Security experts at Microsoft think that Gamaredon, a Russian-linked threat actor suspected of launching a cyberattack on a western government entity in Ukraine last month, is a very agile operation that places a high priority on using strategies to evade detection.
Researchers at Microsoft’s Threat Intelligence Center (MSTIC) said in a blog post today that Gamaredon seems to be primarily focused on cyber espionage.
Gamaredon has previously targeted Ukrainian people and groups, but researchers at Palo Alto Networks’ Unit 42 organisation stated Thursday that the group conducted an assault on January 19 intended at compromising a Western government “entity” in Ukraine. According to the Ukrainian Security Service, Gamaredon’s top brass comprises five Russian Federal Security Service officials.
It was revealed today in a blog post by Microsoft’s security analysts that the Gamaredon organisation has been actively participating in harmful cyber operations against Ukraine since October 2021.
Microsoft refers to the hacking group as “Actinium,” whilst Unit 42 refers to the group as “Gamaredon.”
Threat researchers at MSTIC said in a blog post that they’ve seen evidence of the malware ACTINIUM infiltrating a wide range of Ukrainian institutions including the judicial, law enforcement and non-profit sectors, and they believe it’s primarily focused on stealing sensitive data and gaining lateral access. ACTINIUM has been operating out of Crimea with cyber espionage in mind, according to MSTIC.
Getting away from spies
According to the researchers, spear-phishing emails containing malicious macro attachments are regularly utilised by the gang. This results in the deployment of remote templates. It is possible to prevent dangerous material from being loaded into a document unless a user specifically requests it (for example, when the user opens the page).
Static detections, such as those used by systems that scan attachments for malicious material, are made more difficult by this technique, according to the researchers. To further evade detection, the malicious macro may be hosted remotely by an attacker, giving them complete control over when and how the harmful component is supplied.
Many email phishing lures, including some that spoof reputable businesses, are being utilised by Gamaredon to create trust and familiarity with the victim, according to Microsoft researchers.
Gamaredon employs a wide range of malware strains, the most “feature-rich” of which is Pterodo, according to Microsoft. According to the researchers, Pterodo malware uses a “dynamic Windows function hashing method to map essential API components and a ‘on-demand’ strategy for decrypting needed data and clearing allotted memory space when utilised” to avoid detection and analysis.
“An agile and changing sequence of harmful code” is how Microsoft describes the PowerPunch virus utilised by the gang.” A number of other Gamaredon virus families are also in use, such as the ObfuMerry and ObfuBerry families.
‘Extremely nimble threat’
According to Microsoft researchers, Gamaredon “rapidly develops new disguised and lightweight capabilities to spread increasingly complex malware.” “These are targets that move quickly and have a lot of volatility.”
Obfuscated VBScript (Microsoft’s scripting language) is a primary focus of the researchers’ analysis of payloads. While this strategy isn’t new, “antivirus systems must constantly evolve to stay pace with a highly nimble adversary,” the researchers stated.
Gamaredon’s attempted phishing assault on a Western government institution in January was disclosed by Unit 42 on Thursday.
By using an employment agency in Ukraine, Gamaredon instead of sending the malware downloader to its victim, the Unit 42 researchers stated. This was done by searching for an open position, uploading their downloader as a résumé, and sending it to a Western government agency through a job search portal.”

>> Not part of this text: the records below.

(* Let $(M,\le)$ be a finite modular lattice and let $Q$ be a set of covering relations of $M$. Then $Q$ is the set of covering relations (of $M$) contained in some saturated transfer system on $M$ if and only if $Q$ is a saturated cover. Moreover, the assignments $Q\mapsto\langle Q\rangle$ and $R\mapsto R_{cov}$ are mutually inverse bijections between saturated covers on $M$ and saturated transfer systems on $M$, where $R_{cov}$ is the set of covering relations of $M$ lying in $R$.
   Context: A lattice $M$ is modular if $a\le b$ implies $a\vee(x\wedge b)=(a\vee x)\wedge b$ for all $a,b,x$. A transfer system on a finite lattice $(P,\le)$ is a partial order $R$ refining $\le$ closed under restriction: $x\,R\,z$ and $y\le z$ imply $(x\wedge y)\,R\,y$. It is saturated if $x\,R\,y$, $y\le z$ and $x\,R\,z$ imply $y\,R\,z$. For a set $Q$ of pairs $(x,y)$ with $x\le y$, $\langle Q\rangle$ is the intersection of all transfer systems containing $Q$. A covering diamond is a quadruple $x,y,x\wedge y,x\vee y$ with $x\ne y$ such that $x\vee y$ covers both $x$ and $y$ and both $x,y$ cover $x\wedge y$. A saturated cover on $M$ is a set $Q$ of covering relations of $M$ such that (1) for all $x,y\in M$, if $x\,Q\,(x\vee y)$ then $(x\wedge y)\,Q\,y$; and (2) for every covering diamond, if three of its four covering relations ($x\wedge y\lessdot x$, $x\wedge y\lessdot y$, $x\lessdot x\vee y$, $y\lessdot x\vee y$) lie in $Q$, then so does the fourth. *)

From HB Require Import structures.
From mathcomp Require Import all_boot all_order.
Set Implicit Arguments. Unset Strict Implicit. Unset Printing Implicit Defensive.
Import Order.TTheory.
Local Open Scope order_scope.

Section Defs.
Context {disp : Order.disp_t} {M : finLatticeType disp}.

Definition modular_lattice : Prop :=
  forall a b x : M, a <= b -> a `|` (x `&` b) = (a `|` x) `&` b.

Definition covers (x y : M) : Prop :=
  x < y /\ (forall z : M, x < z -> z < y -> False).

Definition transfer_system (R : M -> M -> Prop) : Prop :=
  [/\ (forall x, R x x),
      (forall x y, R x y -> R y x -> x = y),
      (forall x y z, R x y -> R y z -> R x z),
      (forall x y, R x y -> x <= y)
    & (forall x y z, R x z -> y <= z -> R (x `&` y) y)].

Definition saturated (R : M -> M -> Prop) : Prop :=
  forall x y z, R x y -> y <= z -> R x z -> R y z.

Definition saturated_transfer_system (R : M -> M -> Prop) : Prop :=
  transfer_system R /\ saturated R.

Definition gen_ts (Q : M -> M -> Prop) : M -> M -> Prop :=
  fun x y => forall R, transfer_system R -> (forall a b, Q a b -> R a b) -> R x y.

Definition cov_part (R : M -> M -> Prop) : M -> M -> Prop :=
  fun x y => covers x y /\ R x y.

Definition set_of_covers (Q : M -> M -> Prop) : Prop :=
  forall x y, Q x y -> covers x y.

Definition covering_diamond (x y : M) : Prop :=
  [/\ x <> y, covers x (x `|` y), covers y (x `|` y),
      covers (x `&` y) x & covers (x `&` y) y].

Definition saturated_cover (Q : M -> M -> Prop) : Prop :=
  [/\ set_of_covers Q,
      (forall x y, Q x (x `|` y) -> Q (x `&` y) y)
    & (forall x y, covering_diamond x y ->
        let a := Q (x `&` y) x in let b := Q (x `&` y) y in
        let c := Q x (x `|` y) in let d := Q y (x `|` y) in
        [/\ (a /\ b /\ c -> d), (a /\ b /\ d -> c),
            (a /\ c /\ d -> b) & (b /\ c /\ d -> a)])].
End Defs.

(* A saturated transfer system is determined by its covering relations: in a saturated
   transfer system R, x R z holds iff every covering relation a <. b with x <= a, b <= z
   lies in R (restrict to the top of the cover, then saturate), and since M is finite such
   an interval is traversed by a maximal chain of covers.  Conversely, given a saturated
   cover Q, condition (1) makes the reflexive-transitive closure of Q closed under
   restriction, so it is <Q>.  To see that it is saturated, one shows by induction on a
   Q-chain from x to z that every cover a <. b inside [x, z] lies in Q: if the last step
   y <. z of the chain lies above b we conclude by induction; otherwise modularity turns
   a <. b and the meets with y into a covering diamond with vertices a /\ y, a, b /\ y, b,
   three of whose edges are in Q. *)
From mathcomp Require Import all_boot all_order.
From Stdlib Require Import Relation_Operators Operators_Properties.
From Stdlib Require Import FunctionalExtensionality PropExtensionality.
Set Implicit Arguments. Unset Strict Implicit. Unset Printing Implicit Defensive.
Import Order.TTheory.
#[local] Arguments rt_step {A R x y}.
#[local] Arguments rt_refl {A R x}.
#[local] Arguments rt_trans {A R x y z}.
Local Open Scope order_scope.

Section Development.
Context {disp : Order.disp_t} {M : finLatticeType disp}.
Implicit Types (a b c w x y z : M) (Q R : M -> M -> Prop).

Lemma covers_lt a b : covers a b -> a < b.
Proof. by case. Qed.

Lemma covers_between a b w : covers a b -> a <= w -> w <= b -> w = a \/ w = b.
Proof.
move=> [_ no_mid]; rewrite le_eqVlt => /predU1P [-> _|aw]; first by left.
rewrite le_eqVlt => /predU1P [->|wb]; first by right.
by case: (no_mid w aw wb).
Qed.

Lemma covers_join y z c : covers y z -> c <= z -> ~~ (c <= y) -> y `|` c = z.
Proof.
move=> Cyz cz ncy.
have yc_le_z : y `|` c <= z by rewrite leUx (ltW (covers_lt Cyz)) cz.
have [E|//] := covers_between Cyz (leUl y c) yc_le_z.
by move: ncy; rewrite -E leUr.
Qed.

Section Modular.
Hypothesis M_modular : modular_lattice (M := M).

(* The interval [c /\ y, c] is a transpose of [y, y \/ c] = [y, z]. *)
Lemma covers_meet y z c : covers y z -> c <= z -> ~~ (c <= y) -> covers (c `&` y) c.
Proof.
move=> Cyz cz ncy; split.
  rewrite lt_neqAle leIl andbT; apply: contraNneq ncy => <-; exact: leIr.
move=> w lw wc.
have Ew := M_modular y (ltW wc); rewrite meetC (join_l (ltW lw)) in Ew.
have wy_le_z : w `|` y <= z by rewrite leUx (le_trans (ltW wc) cz) (ltW (covers_lt Cyz)).
have [Eyw|Eyw] := covers_between Cyz (leUr y w) wy_le_z.
  have wy : w <= y by rewrite -Eyw leUl.
  have : w <= c `&` y by rewrite lexI (ltW wc) wy.
  by move/(lt_le_trans lw); rewrite ltxx.
by move: wc; rewrite Ew Eyw (meet_r cz) ltxx.
Qed.

Lemma covering_diamond_meet y z a b :
  covers y z -> covers a b -> b <= z -> ~~ (a <= y) ->
  [/\ covering_diamond a (b `&` y), a `&` (b `&` y) = a `&` y & a `|` (b `&` y) = b].
Proof.
move=> Cyz Cab bz nay.
have ab := ltW (covers_lt Cab).
have az := le_trans ab bz.
have nby : ~~ (b <= y) by apply: contra nay => /(le_trans ab).
have Emeet : a `&` (b `&` y) = a `&` y by rewrite meetA (meet_l ab).
have Ejoin : a `|` (b `&` y) = b.
  by rewrite meetC (M_modular y ab) joinC (covers_join Cyz az nay) (meet_r bz).
have nba : ~~ (b `&` y <= a).
  by apply: contraTN (covers_lt Cab) => /join_l; rewrite Ejoin => ->; rewrite ltxx.
split=> //; rewrite /covering_diamond Emeet Ejoin; split.
- by move=> E; move: nay; rewrite E leIr.
- exact: Cab.
- exact: covers_meet Cyz bz nby.
- exact: covers_meet Cyz az nay.
- by rewrite -Emeet meetC; apply: covers_meet Cab (leIl b y) nba.
Qed.
End Modular.

Lemma card_below_lt w z : w < z -> (#|[set u | (u < w)%O]| < #|[set u | (u < z)%O]|)%N.
Proof.
move=> wz; apply: proper_card; apply/properP; split.
  by apply/subsetP => u; rewrite !inE => /lt_trans; apply.
by exists w; rewrite !inE ?ltxx.
Qed.

Lemma lt_ind (P : M -> Prop) :
  (forall z, (forall w, w < z -> P w) -> P z) -> forall z, P z.
Proof.
move=> IH z; have [n] := ubnP #|[set u | u < z]|.
elim: n z => // n IHn z; rewrite ltnS => Hz; apply: IH => w wz.
exact: IHn (leq_trans (card_below_lt wz) Hz).
Qed.

Lemma exists_covers_below x z : x < z -> exists2 w, x <= w & covers w z.
Proof.
move=> xz; have Px : (x <= x) && (x < z) by rewrite lexx xz.
case: (@arg_maxnP _ x (fun w => (x <= w) && (w < z)) (fun w => #|[set u | u < w]|) Px).
move=> w /andP [xw wz] w_max.
exists w => //; split=> // u wu uz.
have := w_max u; rewrite (le_trans xw (ltW wu)) uz => /(_ isT).
by apply/negP; rewrite /= -ltnNge card_below_lt.
Qed.

Definition interval_covers_in Q x z : Prop :=
  forall a b, x <= a -> b <= z -> covers a b -> Q a b.

Section Closure.
Variable Q : M -> M -> Prop.
Local Notation clos := (clos_refl_trans M Q).

Lemma clos_of_interval_covers x z : x <= z -> interval_covers_in Q x z -> clos x z.
Proof.
elim/lt_ind: z => z IH; rewrite le_eqVlt => /predU1P [<- _|xz Qxz].
  exact: rt_refl.
have [w xw Cwz] := exists_covers_below xz.
apply: rt_trans (IH w (covers_lt Cwz) xw _) (rt_step (Qxz _ _ xw (lexx z) Cwz)).
by move=> a b xa bw; apply: Qxz xa (le_trans bw (ltW (covers_lt Cwz))).
Qed.

Section RestrictionClosed.
Hypothesis Q_cov : set_of_covers Q.
Hypothesis Q_res : forall x y, Q x (x `|` y) -> Q (x `&` y) y.

Lemma clos_le x y : clos x y -> x <= y.
Proof.
elim=> [a b /Q_cov/covers_lt/ltW //|//|a b c _ ab _ bc].
exact: le_trans ab bc.
Qed.

Lemma Q_restrict w z y : Q w z -> y <= z -> ~~ (y <= w) -> Q (w `&` y) y.
Proof. by move=> Qwz yz nyw; apply: Q_res; rewrite (covers_join (Q_cov Qwz) yz nyw). Qed.

Lemma clos_restrict x y z : clos x z -> y <= z -> clos (x `&` y) y.
Proof.
move=> Hxz; elim: Hxz y => {x z} [a b Qab|a|a b c Hab IHab _ IHbc] y.
- move=> yb; have [ya|nya] := boolP (y <= a); first by rewrite (meet_r ya); apply: rt_refl.
  exact/rt_step/(Q_restrict Qab yb nya).
- by move=> ya; rewrite (meet_r ya); apply: rt_refl.
- move=> yc; have := IHab _ (leIl b y); rewrite meetA (meet_l (clos_le Hab)) => Hay.
  exact: rt_trans Hay (IHbc y yc).
Qed.

Lemma clos_transfer_system : transfer_system clos.
Proof.
split.
- by move=> x; apply: rt_refl.
- by move=> x y /clos_le xy /clos_le yx; apply: le_anti; rewrite xy yx.
- by move=> x y z; apply: rt_trans.
- exact: clos_le.
- by move=> x y z Hxz; apply: clos_restrict.
Qed.

Lemma gen_tsE x y : gen_ts Q x y <-> clos x y.
Proof.
split; first by apply; [exact: clos_transfer_system | move=> a b; apply: rt_step].
elim=> [a b Qab|a|a b c _ IHab _ IHbc] R HR QR; case: (HR) => Rrefl _ Rtrans _ _.
- exact: QR.
- exact: Rrefl.
- exact: Rtrans (IHab R HR QR) (IHbc R HR QR).
Qed.

Section Diamond.
Hypothesis M_modular : modular_lattice (M := M).
Hypothesis Q_sat : saturated_cover Q.

Lemma interval_covers_in_clos x z : clos x z -> interval_covers_in Q x z.
Proof.
move=> Hxz; elim/clos_refl_trans_ind_left: z / Hxz.
  move=> a b xa bx Cab.
  by have := lt_le_trans (le_lt_trans xa (covers_lt Cab)) bx; rewrite ltxx.
move=> y z Hxy IH Qyz a b xa bz Cab.
have [by_|nby] := boolP (b <= y); first exact: IH xa by_ Cab.
have Qb : Q (b `&` y) b by rewrite meetC; apply: Q_restrict Qyz bz nby.
have [ay|nay] := boolP (a <= y).
  have : a <= b `&` y by rewrite lexI ay (ltW (covers_lt Cab)).
  case/(covers_between Cab)/(_ (leIl b y)) => [<- //|Eb].
  by move: nby; rewrite -Eb leIr.
have az := le_trans (ltW (covers_lt Cab)) bz.
have Qa : Q (a `&` y) a by rewrite meetC; apply: Q_restrict Qyz az nay.
have [D Emeet Ejoin] := covering_diamond_meet M_modular (Q_cov Qyz) Cab bz nay.
have xay : x <= a `&` y by rewrite lexI xa (clos_le Hxy).
have Cmid : covers (a `&` y) (b `&` y) by case: D; rewrite Emeet.
have Qmid := IH _ _ xay (leIr y b) Cmid.
have [_ _ Q_diamond] := Q_sat.
have [_ Qtop _ _] := Q_diamond _ _ D.
by move: Qtop; rewrite Emeet Ejoin; apply.
Qed.

Lemma clos_saturated : saturated clos.
Proof.
move=> x y z Hxy yz Hxz; apply: clos_of_interval_covers yz _ => a b ya bz.
exact: interval_covers_in_clos Hxz _ _ (le_trans (clos_le Hxy) ya) bz.
Qed.
End Diamond.
End RestrictionClosed.
End Closure.

Section SaturatedTransferSystem.
Variable R : M -> M -> Prop.
Hypothesis R_sts : saturated_transfer_system R.

Lemma sts_restrict_up x y b : R x y -> x <= b -> b <= y -> R x b.
Proof.
case: R_sts => -[_ _ _ _ Rres] _ Rxy xb by_.
by have := Rres _ _ _ Rxy by_; rewrite (meet_l xb).
Qed.

Lemma sts_interval x z a b : R x z -> x <= a -> a <= b -> b <= z -> R a b.
Proof.
case: R_sts => _ Rsat Rxz xa ab bz.
have Rxb := sts_restrict_up Rxz (le_trans xa ab) bz.
exact: (Rsat _ _ _ (sts_restrict_up Rxz xa (le_trans ab bz)) ab Rxb).
Qed.

Hypothesis M_modular : modular_lattice (M := M).

Lemma cov_part_saturated_cover : saturated_cover (cov_part R).
Proof.
case: R_sts => -[_ _ Rtrans _ Rres] Rsat; split.
- by move=> x y [].
- move=> x y [Cx Rx]; split; last exact: Rres Rx (leUr y x).
  have nyx : ~~ (y <= x).
    by apply: contraTN (covers_lt Cx) => /join_l ->; rewrite ltxx.
  by rewrite meetC; apply: (covers_meet M_modular Cx (leUr y x) nyx).
move=> x y [_ Cx Cy Cmx Cmy] /=; split=> -[[_ Rmx] [[_ Rm] [_ R1]]]; split=> //.
- exact: (Rsat _ _ _ Rm (leUr y x) (Rtrans _ _ _ Rmx R1)).
- exact: (Rsat _ _ _ Rmx (leUl x y) (Rtrans _ _ _ Rm R1)).
- by have := Rres _ _ _ (Rtrans _ _ _ Rmx Rm) (leUr y x); rewrite -meetA meetxx.
- by have := Rres _ _ _ (Rtrans _ _ _ Rmx R1) (leUl x y); rewrite meetAC meetxx.
Qed.

Lemma gen_ts_cov_part x y : gen_ts (cov_part R) x y <-> R x y.
Proof.
have [[Rrefl _ Rtrans Rle _] _] := R_sts.
have [Qcov Qres _] := cov_part_saturated_cover.
rewrite (gen_tsE Qcov Qres); split.
  by elim=> [a b []|//|a b c _ Rab _ Rbc]; last exact: Rtrans Rab Rbc.
move=> Rxy; apply: clos_of_interval_covers (Rle _ _ Rxy) _ => a b xa by_ Cab.
by split=> //; apply: sts_interval Rxy xa (ltW (covers_lt Cab)) by_.
Qed.
End SaturatedTransferSystem.

Lemma saturated_cover_gen_ts Q : modular_lattice (M := M) -> saturated_cover Q ->
  saturated_transfer_system (gen_ts Q) /\ (forall x y, cov_part (gen_ts Q) x y <-> Q x y).
Proof.
move=> M_modular Q_sat; have [Qcov Qres _] := Q_sat.
have -> : gen_ts Q = clos_refl_trans M Q.
  by do 2!apply: functional_extensionality => ?; apply/propositional_extensionality/gen_tsE.
split; first by split; [exact: clos_transfer_system | exact: clos_saturated].
move=> x y; split.
  by case=> Cxy /(interval_covers_in_clos Qcov Qres M_modular Q_sat); apply.
by move=> Qxy; split; [exact: Qcov | exact: rt_step].
Qed.
End Development.

Theorem theorem3p13 (disp : Order.disp_t) (M : finLatticeType disp) :
  modular_lattice (M := M) ->
  [/\ (forall Q : M -> M -> Prop, set_of_covers Q ->
         ((exists R : M -> M -> Prop, saturated_transfer_system R /\
             (forall x y, Q x y <-> cov_part R x y))
          <-> saturated_cover Q)),
      (forall Q : M -> M -> Prop, saturated_cover Q ->
         saturated_transfer_system (gen_ts Q) /\
         (forall x y, cov_part (gen_ts Q) x y <-> Q x y))
    & (forall R : M -> M -> Prop, saturated_transfer_system R ->
         saturated_cover (cov_part R) /\
         (forall x y, gen_ts (cov_part R) x y <-> R x y))].
Proof.
move=> M_modular; split.
- move=> Q _; split.
    move=> [R [R_sts QR]].
    have -> : Q = cov_part R.
      by do 2!apply: functional_extensionality => ?; apply/propositional_extensionality/QR.
    exact: cov_part_saturated_cover.
  move=> Q_sat; have [Q_sts Q_covE] := saturated_cover_gen_ts M_modular Q_sat.
  by exists (gen_ts Q); split=> // x y; apply: iff_sym.
- by move=> Q; apply: saturated_cover_gen_ts.
- by move=> R R_sts; split; [exact: cov_part_saturated_cover | exact: gen_ts_cov_part].
Qed.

Since the campaign was so well-executed, it seems that Gamaredon was deliberately trying to weaken this Western government institution, Unit 42 concluded in its article.
To yet, neither Gamaredon nor Unit 42 have been able to pin down a specific Western government body as the subject of their vengeful attention.
‘WhisperGate’ assaults are unrelated to this incident
Gamaredon’s attempted assault on January 19 occurred less than a week after the new “WhisperGate” family of malware hit more than 70 Ukrainian government websites.
In today’s publication, Microsoft researchers said the threat actor behind those assaults seems to be independent from Gamaredon. These two actors or their actions have not been linked by the Microsoft Threat Intelligence Center, the researchers stated.
According to the Department of Homeland Security (DHS), Russia may be planning a cyberattack on US infrastructure as tensions rise between the two nations.
More than 100,000 Russian soldiers are said to be stationed along Ukraine’s eastern border. U.S. President Joe Biden ordered the deployment of an extra 3,000 soldiers to Eastern Europe on Wednesday.